In this paper, the generic part of the gauge theory of gravity is derived,
based merely on the action principle and on the general principle of
relativity. We apply the canonical transformation framework to formulate
geometrodynamics as a gauge theory. The starting point of our paper is
constituted by the general De~Donder-Weyl Hamiltonian of a system of scalar and
vector fields, which is supposed to be form-invariant under (global) Lorentz
transformations. Following the reasoning of gauge theories, the corresponding
locally form-invariant system is worked out by means of canonical
transformations. The canonical transformation approach ensures by construction
that the form of the action functional is maintained. We thus encounter amended
Hamiltonian systems which are form-invariant under arbitrary spacetime
transformations. This amended system complies with the general principle of
relativity and describes both, the dynamics of the given physical system’s
fields and their coupling to those quantities which describe the dynamics of
the spacetime geometry. In this way, it is unambiguously determined how spin-0
and spin-1 fields couple to the dynamics of spacetime.

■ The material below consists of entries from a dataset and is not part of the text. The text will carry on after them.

Definition next_prime (m : nat) : nat := ex_minn (exists_prime_above m).

(* P k = k-th prime, P 1 = 2 (P 0 = 1, unused) *)
Definition P (k : nat) : nat := iter k next_prime 1.

Definition primorial (k : nat) : nat := \prod_(1 <= i < k.+1) P i.

Definition prospective (k N : nat) : bool :=
  (5 <= N <= 4 + primorial k) && coprime N (primorial k).

Definition consecutive_pp (k a b : nat) : Prop :=
  [/\ a < b, prospective k a, prospective k b &
      forall n, a < n < b -> ~~ coprime n (primorial k)].

Definition cpp_pair (k g a : nat) : Prop := consecutive_pp k a (a + g).

Definition nring (l g j : nat) : rat :=
  (\prod_(l.+1 <= i < j.+1) ((P i)%:R - 2))
  * \prod_(l.+1 <= i < j.+1 | P i %| g) (((P i)%:R - 1) / ((P i)%:R - 2)).

(* The tuple is t : 'I_(k-l) -> 'I_(P k)
   with t i standing for m_{l+1+i}. *)
Definition derived_count (l k g a m m' : nat) : nat :=
  #|[set t : {ffun 'I_(k - l) -> 'I_(P k)} |
     [&& [forall i : 'I_(k - l), t i < P (l.+1 + i)],
         [forall i : 'I_(k - l), (l.+1 + i == k.-1) ==> (t i == m :> nat)],
         [forall i : 'I_(k - l), (l.+1 + i == k) ==> (t i == m' :> nat)],
         coprime (a + \sum_(i < k - l) t i * primorial (l + i)) (primorial k) &
         coprime (a + g + \sum_(i < k - l) t i * primorial (l + i)) (primorial k)]]|.

From mathcomp Require Import all_boot all_order all_algebra.
From mathcomp Require Import zify lra.
Import Order.TTheory GRing.Theory Num.Theory.

(** The admissible tuples are counted digit by digit, from m_{l+1} upwards.
    The digit m_j has weight P_{j-1}#, which is invertible modulo P_j, so as
    m_j runs over [0, P_j) the numbers a + M and a + g + M run through all
    residues modulo P_j; at most two values of m_j (one if P_j divides g)
    make one of them divisible by P_j, while coprimality with P_{j-1}# is
    unaffected.  Each free digit below m_{k-2} thus contributes a factor
    P_j - 2 or P_j - 1.  Since m_{k-1} and m_k are pinned, the three primes
    P_{k-2}, P_{k-1}, P_k all have to be sieved out with the single digit
    m_{k-2}, each excluding at most two of its P_{k-2} values. *)

Lemma next_primeP m : m < next_prime m /\ prime (next_prime m).
Proof. by rewrite /next_prime; case: ex_minnP => p /andP[]. Qed.

Lemma PS i : P i.+1 = next_prime (P i).
Proof. exact: iterS. Qed.

Lemma P_prime {i} : 0 < i -> prime (P i).
Proof. by case: i => // i _; rewrite PS; case: (next_primeP (P i)). Qed.

Lemma P_ltS i : P i < P i.+1.
Proof. by rewrite PS; case: (next_primeP (P i)). Qed.

Lemma P_lt {i j} : i < j -> P i < P j.
Proof. exact: (homo_ltn ltn_trans P_ltS). Qed.

Lemma P_le {i j} : i <= j -> P i <= P j.
Proof. exact: (homo_leq leqnn leq_trans (fun i => ltnW (P_ltS i))). Qed.

Lemma P_gt0 i : 0 < P i.
Proof. exact: P_le (leq0n i). Qed.

Lemma P_ge3 i : 1 < i -> 2 < P i.
Proof. by move=> /P_le; have := P_ltS 0; have := P_ltS 1; rewrite /= /P /=; lia. Qed.

Lemma primorialS j : primorial j.+1 = primorial j * P j.+1.
Proof. exact: big_nat_recr. Qed.

Lemma primorial_dvd {i j} : i <= j -> primorial i %| primorial j.
Proof.
apply: (homo_leq (r := dvdn)) => // [n d m|n]; first exact: dvdn_trans.
by rewrite primorialS dvdn_mulr.
Qed.

Lemma P_ndvd_primorial {i j} : j < i -> ~~ (P i %| primorial j).
Proof.
move=> lt_ji; have Pi : prime (P i) by apply: P_prime; case: i lt_ji.
elim: j lt_ji => [_ | j IHj lt_ji].
  by rewrite /primorial big_geq // dvdn1 neq_ltn prime_gt1 ?orbT.
rewrite primorialS Euclid_dvdM // negb_or IHj 1?ltnW //.
by rewrite (dvdn_prime2 Pi (P_prime (ltn0Sn j))) neq_ltn (P_lt lt_ji) orbT.
Qed.

Lemma coprime_primorialS x j :
  coprime x (primorial j.+1) = coprime x (primorial j) && ~~ (P j.+1 %| x).
Proof.
by rewrite primorialS coprimeMr [coprime x (P _)]coprime_sym (prime_coprime _ (P_prime _)).
Qed.

Lemma coprime_addr_dvd {q v} x : q %| v -> coprime (x + v) q = coprime x q.
Proof. by move=> /dvdnP[e ->]; rewrite -coprime_modl addnC modnMDl coprime_modl. Qed.

Lemma sum_dvdn_affine_le1 {p w n} c : prime p -> n <= p -> ~~ (p %| w) ->
  \sum_(d < n) (p %| c + d * w) <= 1.
Proof.
move=> p_pr le_np p_w; rewrite -big_mkcondr sum1_card.
apply/card_le1_eqP => d e; rewrite !unfold_in => p_d p_e; apply: ord_inj.
wlog le_de : d e p_d p_e / d <= e.
  by move=> H; case: (leqP d e) => [|/ltnW] /H ->.
have : p %| (e - d) * w by rewrite mulnBl -(subnDl c) dvdn_sub.
rewrite Euclid_dvdM // (negbTE p_w) orbF => /dvdn_leq.
by have := ltn_ord e; lia.
Qed.
(* Functors of points on commutative rings, given as a carrier, a         *)
(* predicate cutting out the actual points, and base change along a map.  *)
Record pfun := PFun {
  pt : comNzRingType -> Type;
  ok : forall R : comNzRingType, pt R -> Prop;
  bc : forall R S : comNzRingType, (R -> S) -> pt R -> pt S }.

(* Artinian local k-algebras with residue field k, presented as a        *)
(* finite-dimensional k-algebra A with a k-algebra map eps : A -> k       *)
(* (the residue map) whose kernel (the maximal ideal) is nil.             *)
Definition art_k (k : fieldType) (A : comAlgType k) (eps : A -> k) : Prop :=
  [/\ (forall a b : A, eps (a + b) = eps a + eps b) /\
      (forall a b : A, eps (a * b) = eps a * eps b),
      eps 1 = 1,
      (forall (c : k) (a : A), eps (c *: a) = c * eps a),
      (forall a : A, eps a = 0 -> exists n : nat, a ^+ n = 0) &
      (exists s : seq A, forall a : A,
          exists cs : seq k, a = \sum_(i < size s) cs`_i *: s`_i)].

(* Formal completion of X at the k-point x, evaluated on (A, eps). *)
Definition hat (X : pfun) (k : fieldType) (x : pt X k)
    (A : comAlgType k) (eps : A -> k) (y : pt X A) : Prop :=
  ok y /\ bc eps y = x.

Definition surj_kpts (X Y : pfun) (f : forall R, pt X R -> pt Y R)
    (k : fieldType) : Prop :=
  forall y : pt Y k, ok y -> exists x : pt X k, ok x /\ f k x = y.

Definition fsmooth_hat (X Y : pfun) (f : forall R, pt X R -> pt Y R)
    (k : fieldType) (x : pt X k) : Prop :=
  forall (A B : comAlgType k) (epsA : A -> k) (epsB : B -> k)
         (phi : {lrmorphism A -> B}),
    art_k epsA -> art_k epsB -> (forall b : B, exists a : A, phi a = b) ->
    forall (yB : pt X B) (zA : pt Y A),
      hat x epsB yB -> hat (f k x) epsA zA -> f B yB = bc phi zA ->
      exists yA : pt X A,
        [/\ hat x epsA yA, bc phi yA = yB & f A yA = zA].

Definition iso_hat (X Y : pfun) (f : forall R, pt X R -> pt Y R)
    (k : fieldType) (x : pt X k) : Prop :=
  forall (A : comAlgType k) (eps : A -> k), art_k eps ->
    [/\ (forall y : pt X A, hat x eps y -> hat (f k x) eps (f A y)),
        (forall y1 y2 : pt X A, hat x eps y1 -> hat x eps y2 ->
            f A y1 = f A y2 -> y1 = y2) &
        (forall z : pt Y A, hat (f k x) eps z ->
            exists y : pt X A, hat x eps y /\ f A y = z)].
Lemma code_preimageE k P :
  [set x | D x /\ P (code k x)] = \bigcup_(n in codes_of_size k P) pickled_cell n.
Proof.
apply/seteqP; split => x.
  move=> [Dx Px]; exists (pickle (code k x)).
    by exists (code k x); rewrite ?pickleK_inv ?size_code.
  by rewrite /pickled_cell pickleK_inv; apply/cellP; rewrite size_code.
move=> [n [a na [<- Pa]]]; rewrite /pickled_cell na => /cellP[Dx xa].
by split => //; rewrite xa.
Qed.

Lemma trivIset_pickled_cell k P : trivIset (codes_of_size k P) pickled_cell.
Proof.
move=> n1 n2 [a1 na1 [sa1 _]] [a2 na2 [sa2 _]] [x []].
rewrite /pickled_cell na1 na2 => /cellP[_ xa1] /cellP[_ xa2].
have a12 : a1 = a2 by rewrite -xa1 -xa2 sa1 sa2.
have := @pickle_invK (seq nat) n1; have := @pickle_invK (seq nat) n2.
by rewrite na1 na2 /= a12 => ->.
Qed.

Lemma measurable_code_preimage k P : measurable [set x | D x /\ P (code k x)].
Proof.
by rewrite code_preimageE; apply: bigcup_measurable => n _; exact: measurable_pickled_cell.
Qed.

Lemma measure_code_preimage k P : mu [set x | D x /\ P (code k x)] =
  (\sum_(n <oo | n \in codes_of_size k P) mu (pickled_cell n))%E.
Proof.
rewrite code_preimageE measure_bigcup //; last exact: trivIset_pickled_cell.
by move=> n _; exact: measurable_pickled_cell.
Qed.

End code_cells.

Section mm_metric.
Context {R : realType} {X : mmspace R}.
Local Notation T := (mm_carrier X).
Local Notation d := (@mm_dist R X).

Lemma mm_dist_ge0 (x y : T) : 0 <= d x y. Proof. by case: (mm_metric X). Qed.
Lemma mm_dist_eq0 (x y : T) : d x y = 0 <-> x = y. Proof. by case: (mm_metric X). Qed.
Lemma mm_distxx (x : T) : d x x = 0. Proof. exact/mm_dist_eq0. Qed.
Lemma mm_distC (x y : T) : d x y = d y x. Proof. by case: (mm_metric X). Qed.
Lemma mm_dist_triangle (x y z : T) : d x z <= d x y + d y z.
Proof. by case: (mm_metric X). Qed.

Lemma measurable_d_open (A : set T) : d_open d A -> measurable A.
Proof. by move=> oA; rewrite (mm_borel X); exact: sub_sigma_algebra. Qed.

Lemma d_open_ball (x : T) r : d_open d [set y | d x y < r].
Proof.
move=> y /= xy; exists (r - d x y); first by rewrite subr_gt0.
by move=> z /=; have := mm_dist_triangle x y z; lra.
Qed.

Lemma measurable_ball (x : T) r : measurable [set y | d x y < r].
Proof. exact/measurable_d_open/d_open_ball. Qed.

Lemma d_openI : setI_closed (d_open d).
Proof.
move=> A B oA oB x [Ax Bx]; have [r1 r10 A1] := oA x Ax; have [r2 r20 B2] := oB x Bx.
exists (Num.min r1 r2); first by rewrite lt_min r10 r20.
by move=> y /=; rewrite lt_min => /andP[y1 y2]; split; [exact: A1 | exact: B2].
Qed.

Definition d_closure (A : set T) : set T :=
  [set z | forall e, 0 < e -> exists2 y, A y & d z y < e].

Lemma measurable_d_closure (A : set T) : measurable (d_closure A).
Proof.
rewrite -(setCK (d_closure A)); apply/measurableC/measurable_d_open => z.
move=> /existsNP[e /not_implyP[e0 nAe]].
have e2 : 0 < e / 2 by lra.
exists (e / 2) => // y /= zy /(_ _ e2)[a Aa ya]; apply: nAe; exists a => //.
by have := mm_dist_triangle z y a; lra.
Qed.

End mm_metric.

Lemma I01_itv {R : realType} : @I01 R = [set` `[(0:R), 1[%R].
Proof. by apply/seteqP; split => t /=; rewrite in_itv. Qed.

Lemma measurable_I01 {R : realType} : measurable (@I01 R).
Proof. by rewrite I01_itv; exact: measurable_itv. Qed.

Section parameter.
Context {R : realType} (X : mmspace R).
Local Notation T := (mm_carrier X).
Local Notation d := (@mm_dist R X).
Local Notation mu := (mm_measure X).
Local Notation leb := (@lebesgue_measure R).

Definition scale (k : nat) : R := k.+1%:R^-1.

Lemma scale_gt0 k : 0 < scale k.
Proof. by rewrite /scale invr_gt0 ltr0n. Qed.

Lemma le_scale k l : (k <= l)%N -> scale l <= scale k.
Proof. by move=> kl; rewrite /scale lef_pV2 ?posrE ?ltr0n // ler_nat ltnS. Qed.

Lemma scale_lt e : 0 < e -> exists k, scale k < e.
Proof.
move=> e0; have /archi_boundP e1 : 0 <= e^-1 by rewrite invr_ge0 ltW.
exists (Num.Def.archi_bound e^-1); rewrite /scale invf_plt ?posrE ?ltr0n //.
by apply: lt_le_trans e1 _; rewrite ler_nat.
Qed.

Definition net : nat -> T := projT1 (cid (mm_separable X)).

Lemma netP x e : 0 < e -> exists n, d x (net n) < e.
Proof. exact: (projT2 (cid (mm_separable X))). Qed.

Lemma nearest_subproof k x : exists j, d x (net j) < scale k.
Proof. exact/netP/scale_gt0. Qed.

Definition nearest (k : nat) (x : T) : nat := ex_minn (nearest_subproof k x).

Lemma nearest_lt k x : d x (net (nearest k x)) < scale k.
Proof. by rewrite /nearest; case: ex_minnP. Qed.

Lemma nearest_min k x i : d x (net i) < scale k -> (nearest k x <= i)%N.
Proof. by rewrite /nearest; case: ex_minnP => m _ min_m /min_m. Qed.

Lemma measurable_nearest_eq k j : measurable [set x | nearest k x = j].
Proof.
have -> : [set x | nearest k x = j] = [set x | d (net j) x < scale k] `&`
    \bigcap_(i in [set i | (i < j)%N]) ~` [set x | d (net i) x < scale k].
  apply/seteqP; split => x /=.
    move=> <-; split => [|i /= ij]; first by rewrite mm_distC nearest_lt.
    by rewrite mm_distC => /nearest_min; rewrite leqNgt ij.
  move=> [jx ij]; apply/eqP; rewrite eqn_leq nearest_min /=; last by rewrite mm_distC.
  by rewrite leqNgt; apply/negP => /ij; apply => /=; rewrite mm_distC; exact: nearest_lt.
apply: measurableI; first exact: measurable_ball.
case: j => [|j].
  by rewrite (_ : [set i | (i < 0)%N] = set0) ?bigcap_set0 //; apply/seteqP; split.
by apply: bigcap_measurable => [|i _]; [exists 0%N | exact/measurableC/measurable_ball].
Qed.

A term that describes the dynamics of the free gauge fields must finally be
added to the amended Hamiltonian, as common to all gauge theories, to allow for
a dynamic spacetime geometry. The choice of this “dynamics Hamiltonian” is
outside of the scope of gauge theory as presented in this paper. It accounts
for the remaining indefiniteness of any gauge theory of gravity and must be
chosen “by hand” on the basis of physical reasoning. The final Hamiltonian of
the gauge theory of gravity is shown to be at least quadratic in the conjugate
momenta of the gauge fields — this is beyond the Einstein-Hilbert theory of
General Relativity.